* **WHAT YOU WILL DO**: When you reach the line containing "- (1 + psi^-1)" in the entries below, start writing out each line exactly, and stop after the line containing "enorm (y1 - ys) <= e ->".

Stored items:
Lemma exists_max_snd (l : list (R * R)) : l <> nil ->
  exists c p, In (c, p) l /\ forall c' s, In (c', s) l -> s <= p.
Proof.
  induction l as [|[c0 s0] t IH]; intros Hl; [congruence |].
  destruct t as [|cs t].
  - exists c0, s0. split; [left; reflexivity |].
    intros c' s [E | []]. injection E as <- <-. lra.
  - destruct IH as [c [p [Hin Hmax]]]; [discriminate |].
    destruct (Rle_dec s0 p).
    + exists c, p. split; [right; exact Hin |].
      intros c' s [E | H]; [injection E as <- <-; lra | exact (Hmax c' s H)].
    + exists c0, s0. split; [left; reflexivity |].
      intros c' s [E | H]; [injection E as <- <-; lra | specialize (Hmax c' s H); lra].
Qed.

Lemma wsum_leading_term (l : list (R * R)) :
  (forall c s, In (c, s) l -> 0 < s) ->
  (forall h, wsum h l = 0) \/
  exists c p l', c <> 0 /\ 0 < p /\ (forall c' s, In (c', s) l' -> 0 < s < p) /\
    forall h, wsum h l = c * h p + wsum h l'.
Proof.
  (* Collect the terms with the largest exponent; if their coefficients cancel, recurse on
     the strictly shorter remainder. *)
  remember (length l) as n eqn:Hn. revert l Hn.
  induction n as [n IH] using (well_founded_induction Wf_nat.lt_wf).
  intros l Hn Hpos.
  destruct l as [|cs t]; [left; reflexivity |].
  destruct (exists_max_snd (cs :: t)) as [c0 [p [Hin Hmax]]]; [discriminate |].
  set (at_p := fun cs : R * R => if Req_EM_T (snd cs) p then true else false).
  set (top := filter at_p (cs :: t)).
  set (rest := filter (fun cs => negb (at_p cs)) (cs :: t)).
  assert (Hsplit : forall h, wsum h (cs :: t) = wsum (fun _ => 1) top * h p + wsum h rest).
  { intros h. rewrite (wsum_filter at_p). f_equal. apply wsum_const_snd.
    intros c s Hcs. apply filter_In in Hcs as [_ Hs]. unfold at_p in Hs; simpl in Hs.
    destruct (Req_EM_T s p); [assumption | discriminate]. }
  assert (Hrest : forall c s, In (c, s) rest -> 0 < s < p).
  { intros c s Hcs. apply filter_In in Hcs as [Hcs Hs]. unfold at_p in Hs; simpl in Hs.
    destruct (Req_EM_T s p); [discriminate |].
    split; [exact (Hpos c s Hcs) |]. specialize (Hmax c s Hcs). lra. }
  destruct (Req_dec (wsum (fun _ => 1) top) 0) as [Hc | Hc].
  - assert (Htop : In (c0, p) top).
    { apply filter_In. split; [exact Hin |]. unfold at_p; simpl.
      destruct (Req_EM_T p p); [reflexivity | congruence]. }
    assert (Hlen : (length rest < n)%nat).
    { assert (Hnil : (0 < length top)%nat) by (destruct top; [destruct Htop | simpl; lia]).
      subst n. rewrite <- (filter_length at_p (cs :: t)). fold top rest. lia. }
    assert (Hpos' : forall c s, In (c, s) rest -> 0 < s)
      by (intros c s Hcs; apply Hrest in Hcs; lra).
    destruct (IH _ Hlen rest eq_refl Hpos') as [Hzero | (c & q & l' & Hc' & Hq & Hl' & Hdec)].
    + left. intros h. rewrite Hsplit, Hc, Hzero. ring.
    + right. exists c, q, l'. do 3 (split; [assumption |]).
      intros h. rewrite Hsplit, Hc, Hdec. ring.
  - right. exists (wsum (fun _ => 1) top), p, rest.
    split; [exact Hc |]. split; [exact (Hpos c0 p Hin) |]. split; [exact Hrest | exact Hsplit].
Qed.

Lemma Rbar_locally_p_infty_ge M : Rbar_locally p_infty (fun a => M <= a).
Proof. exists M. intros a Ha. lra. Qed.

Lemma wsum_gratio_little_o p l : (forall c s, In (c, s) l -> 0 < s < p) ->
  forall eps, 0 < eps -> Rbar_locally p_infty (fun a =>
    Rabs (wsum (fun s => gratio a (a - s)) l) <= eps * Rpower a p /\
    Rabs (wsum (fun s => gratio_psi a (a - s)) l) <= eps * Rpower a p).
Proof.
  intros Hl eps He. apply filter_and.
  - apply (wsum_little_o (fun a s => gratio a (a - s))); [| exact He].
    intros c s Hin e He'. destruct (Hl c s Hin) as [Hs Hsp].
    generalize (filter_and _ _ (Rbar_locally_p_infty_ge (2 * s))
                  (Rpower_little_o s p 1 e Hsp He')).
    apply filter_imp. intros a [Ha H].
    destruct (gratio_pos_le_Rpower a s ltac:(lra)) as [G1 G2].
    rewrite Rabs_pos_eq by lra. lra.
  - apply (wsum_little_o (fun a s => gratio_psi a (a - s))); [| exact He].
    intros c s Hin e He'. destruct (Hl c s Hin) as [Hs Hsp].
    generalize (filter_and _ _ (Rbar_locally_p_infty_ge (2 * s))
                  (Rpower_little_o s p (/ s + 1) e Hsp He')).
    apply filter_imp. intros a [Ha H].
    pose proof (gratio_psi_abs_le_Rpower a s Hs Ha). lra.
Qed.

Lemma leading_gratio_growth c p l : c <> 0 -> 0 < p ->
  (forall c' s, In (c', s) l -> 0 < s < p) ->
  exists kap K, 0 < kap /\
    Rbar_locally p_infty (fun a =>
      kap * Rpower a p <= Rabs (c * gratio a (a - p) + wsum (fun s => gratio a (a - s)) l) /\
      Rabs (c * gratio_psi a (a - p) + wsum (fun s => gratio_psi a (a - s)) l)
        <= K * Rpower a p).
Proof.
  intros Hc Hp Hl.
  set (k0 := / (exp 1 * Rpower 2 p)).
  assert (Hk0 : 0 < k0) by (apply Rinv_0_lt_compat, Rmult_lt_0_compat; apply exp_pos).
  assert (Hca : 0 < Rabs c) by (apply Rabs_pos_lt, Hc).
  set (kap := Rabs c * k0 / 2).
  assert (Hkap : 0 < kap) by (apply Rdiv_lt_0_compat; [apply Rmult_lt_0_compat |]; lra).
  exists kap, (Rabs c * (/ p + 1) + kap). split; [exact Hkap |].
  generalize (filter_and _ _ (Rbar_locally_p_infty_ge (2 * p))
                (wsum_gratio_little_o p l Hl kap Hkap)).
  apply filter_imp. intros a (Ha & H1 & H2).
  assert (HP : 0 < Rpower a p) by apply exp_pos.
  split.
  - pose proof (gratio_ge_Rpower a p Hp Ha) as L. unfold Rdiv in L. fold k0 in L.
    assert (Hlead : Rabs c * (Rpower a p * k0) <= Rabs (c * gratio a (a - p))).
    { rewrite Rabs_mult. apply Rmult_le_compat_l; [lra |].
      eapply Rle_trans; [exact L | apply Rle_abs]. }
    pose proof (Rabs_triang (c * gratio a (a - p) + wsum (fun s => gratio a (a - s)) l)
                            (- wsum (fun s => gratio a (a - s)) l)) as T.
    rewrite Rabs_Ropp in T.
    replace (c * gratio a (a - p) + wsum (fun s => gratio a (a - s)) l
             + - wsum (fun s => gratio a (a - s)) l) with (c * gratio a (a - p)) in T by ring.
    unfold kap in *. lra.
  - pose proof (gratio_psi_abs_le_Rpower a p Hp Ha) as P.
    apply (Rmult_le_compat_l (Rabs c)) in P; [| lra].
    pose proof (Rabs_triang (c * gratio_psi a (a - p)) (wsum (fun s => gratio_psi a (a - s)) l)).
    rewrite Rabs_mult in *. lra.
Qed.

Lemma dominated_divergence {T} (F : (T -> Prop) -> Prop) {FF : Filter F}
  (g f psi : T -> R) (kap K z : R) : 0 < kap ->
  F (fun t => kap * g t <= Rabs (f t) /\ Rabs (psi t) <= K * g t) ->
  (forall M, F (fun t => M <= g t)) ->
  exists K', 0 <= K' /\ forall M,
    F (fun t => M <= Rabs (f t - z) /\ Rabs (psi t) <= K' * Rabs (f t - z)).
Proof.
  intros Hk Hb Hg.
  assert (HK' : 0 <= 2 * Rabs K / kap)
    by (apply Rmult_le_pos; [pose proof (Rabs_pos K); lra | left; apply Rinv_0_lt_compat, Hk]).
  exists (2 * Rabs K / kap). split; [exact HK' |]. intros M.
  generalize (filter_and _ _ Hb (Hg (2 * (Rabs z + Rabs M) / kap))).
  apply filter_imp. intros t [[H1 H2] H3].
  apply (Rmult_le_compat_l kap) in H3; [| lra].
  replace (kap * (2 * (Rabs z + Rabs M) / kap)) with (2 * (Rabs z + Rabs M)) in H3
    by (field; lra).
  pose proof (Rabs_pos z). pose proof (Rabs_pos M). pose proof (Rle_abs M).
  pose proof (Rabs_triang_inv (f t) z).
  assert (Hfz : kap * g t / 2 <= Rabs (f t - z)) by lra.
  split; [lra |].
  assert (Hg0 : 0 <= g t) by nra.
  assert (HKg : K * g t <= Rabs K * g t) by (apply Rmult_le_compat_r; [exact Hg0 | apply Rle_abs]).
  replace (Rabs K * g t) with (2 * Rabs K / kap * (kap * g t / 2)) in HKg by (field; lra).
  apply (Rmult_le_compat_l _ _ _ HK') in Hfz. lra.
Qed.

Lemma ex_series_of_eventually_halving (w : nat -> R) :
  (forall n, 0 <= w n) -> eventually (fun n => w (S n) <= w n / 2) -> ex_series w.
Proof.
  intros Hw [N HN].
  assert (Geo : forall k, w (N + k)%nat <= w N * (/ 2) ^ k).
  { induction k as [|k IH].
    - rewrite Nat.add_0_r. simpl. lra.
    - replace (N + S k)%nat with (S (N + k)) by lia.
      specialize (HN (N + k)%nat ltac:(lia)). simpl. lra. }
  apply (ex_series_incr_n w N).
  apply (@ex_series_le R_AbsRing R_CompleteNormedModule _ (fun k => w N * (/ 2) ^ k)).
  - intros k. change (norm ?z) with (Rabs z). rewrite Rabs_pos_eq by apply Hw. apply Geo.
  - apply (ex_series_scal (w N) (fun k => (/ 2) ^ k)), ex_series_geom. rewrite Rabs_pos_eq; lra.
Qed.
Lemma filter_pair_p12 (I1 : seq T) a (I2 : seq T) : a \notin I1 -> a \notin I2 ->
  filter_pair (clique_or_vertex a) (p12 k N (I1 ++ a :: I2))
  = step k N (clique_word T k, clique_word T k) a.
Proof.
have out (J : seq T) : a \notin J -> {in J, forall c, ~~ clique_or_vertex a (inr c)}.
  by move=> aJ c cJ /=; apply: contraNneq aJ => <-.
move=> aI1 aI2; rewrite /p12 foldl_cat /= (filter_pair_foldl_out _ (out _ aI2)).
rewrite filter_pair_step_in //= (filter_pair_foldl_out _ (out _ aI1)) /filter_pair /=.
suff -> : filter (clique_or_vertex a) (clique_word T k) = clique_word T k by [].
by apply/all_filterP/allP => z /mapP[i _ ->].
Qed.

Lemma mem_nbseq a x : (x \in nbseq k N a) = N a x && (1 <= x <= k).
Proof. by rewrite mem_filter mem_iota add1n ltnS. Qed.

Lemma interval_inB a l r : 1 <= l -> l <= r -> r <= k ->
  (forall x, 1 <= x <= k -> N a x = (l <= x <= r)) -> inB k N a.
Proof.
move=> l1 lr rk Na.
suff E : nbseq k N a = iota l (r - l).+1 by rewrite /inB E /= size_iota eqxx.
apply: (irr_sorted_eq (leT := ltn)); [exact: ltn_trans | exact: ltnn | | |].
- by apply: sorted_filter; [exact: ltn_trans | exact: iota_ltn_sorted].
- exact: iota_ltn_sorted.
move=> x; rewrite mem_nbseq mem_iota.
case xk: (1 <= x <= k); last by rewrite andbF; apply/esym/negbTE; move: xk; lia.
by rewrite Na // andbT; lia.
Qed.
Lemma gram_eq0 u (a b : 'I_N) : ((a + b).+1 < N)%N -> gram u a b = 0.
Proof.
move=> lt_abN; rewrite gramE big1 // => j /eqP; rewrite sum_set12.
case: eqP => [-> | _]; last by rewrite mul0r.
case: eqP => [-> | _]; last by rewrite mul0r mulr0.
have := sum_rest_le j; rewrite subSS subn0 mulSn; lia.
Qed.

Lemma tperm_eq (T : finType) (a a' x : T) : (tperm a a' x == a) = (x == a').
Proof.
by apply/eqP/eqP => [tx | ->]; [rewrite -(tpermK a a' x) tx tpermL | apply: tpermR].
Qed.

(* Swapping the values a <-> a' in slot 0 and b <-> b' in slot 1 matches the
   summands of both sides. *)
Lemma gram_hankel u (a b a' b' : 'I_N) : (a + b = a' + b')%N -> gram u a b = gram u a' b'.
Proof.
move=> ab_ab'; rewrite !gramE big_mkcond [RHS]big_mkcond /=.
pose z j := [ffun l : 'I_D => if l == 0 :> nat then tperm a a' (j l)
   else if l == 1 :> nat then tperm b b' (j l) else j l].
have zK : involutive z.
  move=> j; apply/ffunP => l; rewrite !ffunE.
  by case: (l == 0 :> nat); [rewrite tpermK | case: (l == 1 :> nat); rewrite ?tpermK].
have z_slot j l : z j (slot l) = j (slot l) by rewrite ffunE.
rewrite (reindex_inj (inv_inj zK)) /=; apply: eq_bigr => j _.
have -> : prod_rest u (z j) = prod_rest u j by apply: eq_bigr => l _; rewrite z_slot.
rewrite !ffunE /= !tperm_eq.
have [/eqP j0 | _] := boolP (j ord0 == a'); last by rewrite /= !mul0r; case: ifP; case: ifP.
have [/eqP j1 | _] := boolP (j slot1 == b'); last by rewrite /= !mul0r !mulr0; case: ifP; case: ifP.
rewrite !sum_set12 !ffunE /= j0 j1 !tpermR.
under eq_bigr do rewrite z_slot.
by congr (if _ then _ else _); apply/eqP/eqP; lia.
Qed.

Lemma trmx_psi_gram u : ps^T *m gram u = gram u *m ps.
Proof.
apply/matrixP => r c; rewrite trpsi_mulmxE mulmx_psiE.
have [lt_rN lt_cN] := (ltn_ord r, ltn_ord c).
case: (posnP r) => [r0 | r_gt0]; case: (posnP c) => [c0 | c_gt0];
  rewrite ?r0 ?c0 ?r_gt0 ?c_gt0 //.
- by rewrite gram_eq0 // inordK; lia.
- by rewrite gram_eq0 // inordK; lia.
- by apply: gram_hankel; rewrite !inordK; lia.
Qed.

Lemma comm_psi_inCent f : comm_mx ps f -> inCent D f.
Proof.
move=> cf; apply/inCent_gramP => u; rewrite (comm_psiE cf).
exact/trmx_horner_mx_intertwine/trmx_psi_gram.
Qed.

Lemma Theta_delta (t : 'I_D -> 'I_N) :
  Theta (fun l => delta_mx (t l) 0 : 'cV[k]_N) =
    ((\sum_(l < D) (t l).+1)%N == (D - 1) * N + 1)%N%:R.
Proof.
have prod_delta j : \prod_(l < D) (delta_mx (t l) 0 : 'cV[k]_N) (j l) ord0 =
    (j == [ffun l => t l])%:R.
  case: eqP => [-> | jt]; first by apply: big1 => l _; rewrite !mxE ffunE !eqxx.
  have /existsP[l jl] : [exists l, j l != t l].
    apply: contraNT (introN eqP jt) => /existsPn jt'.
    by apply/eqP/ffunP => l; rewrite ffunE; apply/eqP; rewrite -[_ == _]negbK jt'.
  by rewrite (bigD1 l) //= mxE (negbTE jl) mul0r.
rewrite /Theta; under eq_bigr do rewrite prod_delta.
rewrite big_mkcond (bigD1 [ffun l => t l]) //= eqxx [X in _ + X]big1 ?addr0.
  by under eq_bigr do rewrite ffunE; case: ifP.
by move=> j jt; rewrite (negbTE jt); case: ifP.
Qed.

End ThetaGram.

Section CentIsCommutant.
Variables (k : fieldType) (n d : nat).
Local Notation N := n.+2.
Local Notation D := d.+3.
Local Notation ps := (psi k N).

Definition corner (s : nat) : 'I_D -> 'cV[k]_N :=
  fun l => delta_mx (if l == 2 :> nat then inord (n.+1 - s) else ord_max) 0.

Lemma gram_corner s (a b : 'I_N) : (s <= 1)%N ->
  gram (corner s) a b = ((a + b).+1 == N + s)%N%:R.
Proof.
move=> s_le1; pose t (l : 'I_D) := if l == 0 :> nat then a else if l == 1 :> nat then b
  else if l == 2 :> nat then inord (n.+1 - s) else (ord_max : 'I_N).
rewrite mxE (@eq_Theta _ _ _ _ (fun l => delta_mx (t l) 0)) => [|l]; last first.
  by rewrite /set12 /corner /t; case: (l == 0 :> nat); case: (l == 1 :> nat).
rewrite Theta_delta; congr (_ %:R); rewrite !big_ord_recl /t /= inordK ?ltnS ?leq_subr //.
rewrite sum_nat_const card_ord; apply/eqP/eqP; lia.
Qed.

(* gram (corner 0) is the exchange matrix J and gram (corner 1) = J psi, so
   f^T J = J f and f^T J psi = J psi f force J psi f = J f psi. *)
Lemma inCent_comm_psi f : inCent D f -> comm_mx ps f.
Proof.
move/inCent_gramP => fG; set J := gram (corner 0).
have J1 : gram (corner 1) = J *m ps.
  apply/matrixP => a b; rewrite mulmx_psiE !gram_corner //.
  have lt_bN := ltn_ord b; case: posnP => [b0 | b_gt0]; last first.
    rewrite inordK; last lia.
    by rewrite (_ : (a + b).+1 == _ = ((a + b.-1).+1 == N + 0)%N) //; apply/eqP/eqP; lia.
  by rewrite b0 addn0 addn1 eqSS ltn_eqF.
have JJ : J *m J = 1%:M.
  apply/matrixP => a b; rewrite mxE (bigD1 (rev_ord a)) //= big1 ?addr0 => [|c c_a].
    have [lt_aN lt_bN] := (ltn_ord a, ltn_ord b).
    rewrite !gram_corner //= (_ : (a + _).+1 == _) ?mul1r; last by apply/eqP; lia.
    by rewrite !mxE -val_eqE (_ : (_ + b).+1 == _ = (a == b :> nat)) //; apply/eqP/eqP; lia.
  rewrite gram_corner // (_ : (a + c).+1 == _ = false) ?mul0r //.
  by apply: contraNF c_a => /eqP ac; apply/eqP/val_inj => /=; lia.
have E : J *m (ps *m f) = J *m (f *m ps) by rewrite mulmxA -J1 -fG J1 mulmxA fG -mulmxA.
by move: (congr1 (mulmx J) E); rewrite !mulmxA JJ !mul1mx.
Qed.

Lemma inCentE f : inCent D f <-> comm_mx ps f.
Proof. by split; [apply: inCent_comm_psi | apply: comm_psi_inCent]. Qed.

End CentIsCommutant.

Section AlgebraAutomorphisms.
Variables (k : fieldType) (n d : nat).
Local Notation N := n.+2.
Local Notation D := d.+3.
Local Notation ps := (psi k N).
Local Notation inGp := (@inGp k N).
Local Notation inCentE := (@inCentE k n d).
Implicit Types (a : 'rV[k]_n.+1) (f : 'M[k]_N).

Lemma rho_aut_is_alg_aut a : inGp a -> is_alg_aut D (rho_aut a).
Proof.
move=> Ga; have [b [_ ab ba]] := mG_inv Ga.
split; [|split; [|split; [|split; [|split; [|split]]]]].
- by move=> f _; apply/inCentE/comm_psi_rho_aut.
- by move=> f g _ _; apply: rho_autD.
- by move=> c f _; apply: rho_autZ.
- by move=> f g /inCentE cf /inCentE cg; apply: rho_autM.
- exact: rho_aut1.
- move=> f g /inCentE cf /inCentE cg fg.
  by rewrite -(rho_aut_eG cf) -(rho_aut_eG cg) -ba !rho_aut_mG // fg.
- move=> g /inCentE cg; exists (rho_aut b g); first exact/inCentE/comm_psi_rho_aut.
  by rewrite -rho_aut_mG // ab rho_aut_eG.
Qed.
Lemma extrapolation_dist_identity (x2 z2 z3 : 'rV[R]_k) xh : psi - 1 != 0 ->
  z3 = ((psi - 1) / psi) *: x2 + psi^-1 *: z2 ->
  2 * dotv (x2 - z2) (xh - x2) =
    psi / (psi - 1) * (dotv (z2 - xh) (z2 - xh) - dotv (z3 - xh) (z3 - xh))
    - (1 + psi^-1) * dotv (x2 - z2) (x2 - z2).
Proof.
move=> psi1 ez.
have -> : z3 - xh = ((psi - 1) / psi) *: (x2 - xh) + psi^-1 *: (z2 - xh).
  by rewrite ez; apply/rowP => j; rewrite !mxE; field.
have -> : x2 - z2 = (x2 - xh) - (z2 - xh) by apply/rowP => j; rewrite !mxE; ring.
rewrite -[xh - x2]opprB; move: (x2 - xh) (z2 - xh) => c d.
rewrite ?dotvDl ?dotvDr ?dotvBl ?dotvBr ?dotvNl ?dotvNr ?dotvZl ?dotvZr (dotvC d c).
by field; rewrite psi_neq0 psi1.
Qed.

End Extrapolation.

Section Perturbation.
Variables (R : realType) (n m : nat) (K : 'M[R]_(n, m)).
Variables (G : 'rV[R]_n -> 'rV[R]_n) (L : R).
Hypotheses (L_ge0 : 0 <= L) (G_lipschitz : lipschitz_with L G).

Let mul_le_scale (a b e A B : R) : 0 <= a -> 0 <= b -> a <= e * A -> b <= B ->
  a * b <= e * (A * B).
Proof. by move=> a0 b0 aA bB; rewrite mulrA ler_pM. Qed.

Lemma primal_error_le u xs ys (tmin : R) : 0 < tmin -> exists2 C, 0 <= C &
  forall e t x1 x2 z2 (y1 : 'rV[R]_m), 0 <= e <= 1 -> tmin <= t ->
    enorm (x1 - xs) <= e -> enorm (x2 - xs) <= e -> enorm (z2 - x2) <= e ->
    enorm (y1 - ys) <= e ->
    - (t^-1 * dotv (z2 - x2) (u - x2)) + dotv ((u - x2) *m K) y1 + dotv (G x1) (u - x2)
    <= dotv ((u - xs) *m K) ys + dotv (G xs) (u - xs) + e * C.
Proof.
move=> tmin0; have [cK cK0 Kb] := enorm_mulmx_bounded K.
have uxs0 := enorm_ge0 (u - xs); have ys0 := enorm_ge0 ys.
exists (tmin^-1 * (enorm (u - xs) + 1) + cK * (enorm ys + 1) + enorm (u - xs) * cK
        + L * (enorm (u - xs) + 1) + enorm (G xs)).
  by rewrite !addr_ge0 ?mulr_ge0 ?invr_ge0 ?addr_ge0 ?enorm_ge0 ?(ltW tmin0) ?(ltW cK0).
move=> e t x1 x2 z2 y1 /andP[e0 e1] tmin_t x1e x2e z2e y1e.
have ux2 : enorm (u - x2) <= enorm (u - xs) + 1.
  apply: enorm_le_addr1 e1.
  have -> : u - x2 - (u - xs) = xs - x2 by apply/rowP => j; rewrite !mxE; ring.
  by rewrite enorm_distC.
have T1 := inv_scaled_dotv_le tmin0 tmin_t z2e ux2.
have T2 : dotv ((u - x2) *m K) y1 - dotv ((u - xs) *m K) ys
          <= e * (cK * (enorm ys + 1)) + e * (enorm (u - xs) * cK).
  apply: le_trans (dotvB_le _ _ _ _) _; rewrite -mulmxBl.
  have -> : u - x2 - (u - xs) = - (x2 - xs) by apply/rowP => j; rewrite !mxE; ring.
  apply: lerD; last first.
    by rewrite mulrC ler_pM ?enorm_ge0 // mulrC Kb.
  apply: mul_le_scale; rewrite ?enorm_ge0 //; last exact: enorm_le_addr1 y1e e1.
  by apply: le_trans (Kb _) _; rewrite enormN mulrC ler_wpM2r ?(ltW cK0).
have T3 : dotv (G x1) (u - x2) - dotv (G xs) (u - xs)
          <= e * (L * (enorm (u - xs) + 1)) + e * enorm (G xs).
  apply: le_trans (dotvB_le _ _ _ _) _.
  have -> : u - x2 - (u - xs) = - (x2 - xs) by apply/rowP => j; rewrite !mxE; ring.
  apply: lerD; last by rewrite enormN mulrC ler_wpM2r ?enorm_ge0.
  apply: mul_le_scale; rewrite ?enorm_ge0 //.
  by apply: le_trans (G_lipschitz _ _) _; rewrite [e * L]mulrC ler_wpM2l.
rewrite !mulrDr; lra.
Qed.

* **ANSWER FOR THIS EXERCISE**:
    - (1 + psi^-1) * dotv (x2 - z2) (x2 - z2).
Proof.
move=> psi1 ez.
have -> : z3 - xh = ((psi - 1) / psi) *: (x2 - xh) + psi^-1 *: (z2 - xh).
  by rewrite ez; apply/rowP => j; rewrite !mxE; field.
have -> : x2 - z2 = (x2 - xh) - (z2 - xh) by apply/rowP => j; rewrite !mxE; ring.
rewrite -[xh - x2]opprB; move: (x2 - xh) (z2 - xh) => c d.
rewrite ?dotvDl ?dotvDr ?dotvBl ?dotvBr ?dotvNl ?dotvNr ?dotvZl ?dotvZr (dotvC d c).
by field; rewrite psi_neq0 psi1.
Qed.

End Extrapolation.

Section Perturbation.
Variables (R : realType) (n m : nat) (K : 'M[R]_(n, m)).
Variables (G : 'rV[R]_n -> 'rV[R]_n) (L : R).
Hypotheses (L_ge0 : 0 <= L) (G_lipschitz : lipschitz_with L G).

Let mul_le_scale (a b e A B : R) : 0 <= a -> 0 <= b -> a <= e * A -> b <= B ->
  a * b <= e * (A * B).
Proof. by move=> a0 b0 aA bB; rewrite mulrA ler_pM. Qed.

Lemma primal_error_le u xs ys (tmin : R) : 0 < tmin -> exists2 C, 0 <= C &
  forall e t x1 x2 z2 (y1 : 'rV[R]_m), 0 <= e <= 1 -> tmin <= t ->
    enorm (x1 - xs) <= e -> enorm (x2 - xs) <= e -> enorm (z2 - x2) <= e ->
    enorm (y1 - ys) <= e ->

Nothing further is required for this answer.